Все бакинцы были киноманами. Люди по 20 раз ходили на «Большой вальс», «Серенаду солнечной долины» и другие трофейные фильмы в Клуб моряков или в клуб «Заготзерно». При этом они зорко подмечали самые удачные детали в одежде героев, а потом использовали их. В 1955 году на экраны вышел бельгийский нуар под названием «Чайки умирают в гавани». Мы с друзьями с ума сходили по нему – так стильно там был одет герой! Все бакинцы подражали ему.

Да, почти все в Баку в те времена одевались хорошо, но некоторые – просто бесподобно. Это был, например, художник Мехти Гюмриев или пианист Владимир Владимиров по прозвищу Штатник: он был похож на персонажей американских фильмов. Еще одна признанная икона стиля – доктор наук, военный историк Хаджи-Мурат Ибрагимбейли, красавец, щеголь и сердцеед. По долгу службы он всегда носил военную форму, которая сидела на нем безупречно. Во-первых, Хаджи-Мурат шил ее на заказ, точно по фигуре. Во-вторых, уделял внимание деталям: приподнимал козырек фуражки, делал галифе особой формы. В сочетании с его харизмой получался блестящий результат.

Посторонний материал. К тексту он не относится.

Lemma LT_affine_bound k : (2 <= k)%N ->
  exists d, forall n, (LT k n)%:R <= 6 * C * (k%:R `^ (- (2 / 3))) * n%:R + d.
Proof.
case: k => [|[|[|k]]] // _; last first.
  have [d bound] := @LT_affine_ge3 k.+3 isT; exists d => n.
  have := mulr_ge0 (density_ge0 k.+3) (ler0n R n); have := bound n.
  by rewrite /density; lra.
exists 0 => n; rewrite addr0.
have LT_le_n : (LT 2 n)%:R <= n%:R :> R by rewrite ler_nat LT_le.
have [b_ge _] := andP (two_powR_bounds R).
have := ler_wpM2l C_ge0 b_ge; have := ler_wpM2l C_ge0 (three_powR_third_le R).
have := C_cbrt3_ge1 => Ca_ge1 Ca_le Cb_ge.
have : 1 <= 6 * C * 2 `^ (- (2 / 3)) by lra.
by move/(ler_wpM2r (ler0n R n)); rewrite mul1r; apply: le_trans.
Qed.

End LinearBound.

Unset Implicit Arguments.
Theorem theorem8 (R : realType) (C : R) :
  (forall k : nat, (1 <= k)%N -> (2 * k <= k`!)%N ->
     (LCS2 (2 * k) k)%:R <= C * (k%:R `^ (3^-1))) ->
  forall k : nat, (2 <= k)%N ->
  forall eps : R, 0 < eps ->
  exists N : nat, forall n : nat, (N <= n)%N ->
    (LT k n)%:R <= 6 * C * (k%:R `^ (- (2 / 3))) * n%:R + eps * n%:R.
Proof.
move=> LCS2_bound k le2k eps eps_gt0.
have [d LT_affine] := LT_affine_bound LCS2_bound le2k.
exact: affine_le_eventually eps_gt0 LT_affine.
Qed.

Я помню фамилии многих выдающихся бакинских портных того времени: Черенков, Лозгачев, Садыхов. Рассказывали про мастера, который мог сшить костюм на глаз, без примерок. Он просто смотрел на человека пару минут, а через неделю отдавал ему готовый заказ. И костюм сидел идеально.

Но в послевоенное время подростки стеснялись носить новую одежду: не хотелось дразнить тех, кто таковой не имел. Помню, в конце 1940-х годов родители купили мне костюм фабрики «Большевичка». И я сначала носил новые костюмные брюки со старым пиджаком. Потом – новый пиджак со старыми брюками. И только через пару-тройку месяцев показался приятелям в условно новом костюме.

***

Целых 15 лет я каждый день ходил от улицы Азизбекова по одному и тому же маршруту – сначала в школу, а потом в университет, который располагался чуть дальше.

Своих школьных учителей я помню прекрасно: и Софью Моисеевну Фейгину, которая встретила меня в первом классе, и преподавателя русского языка и литературы Бориса Михайловича Айнемера. Когда мы принимались шуметь на уроках, он внезапно начинал читать наизусть стихи. Обычно это было что-то запрещенное (например, Есенин) либо любовная лирика (часто Маяковский). Конечно, мы тут же затихали.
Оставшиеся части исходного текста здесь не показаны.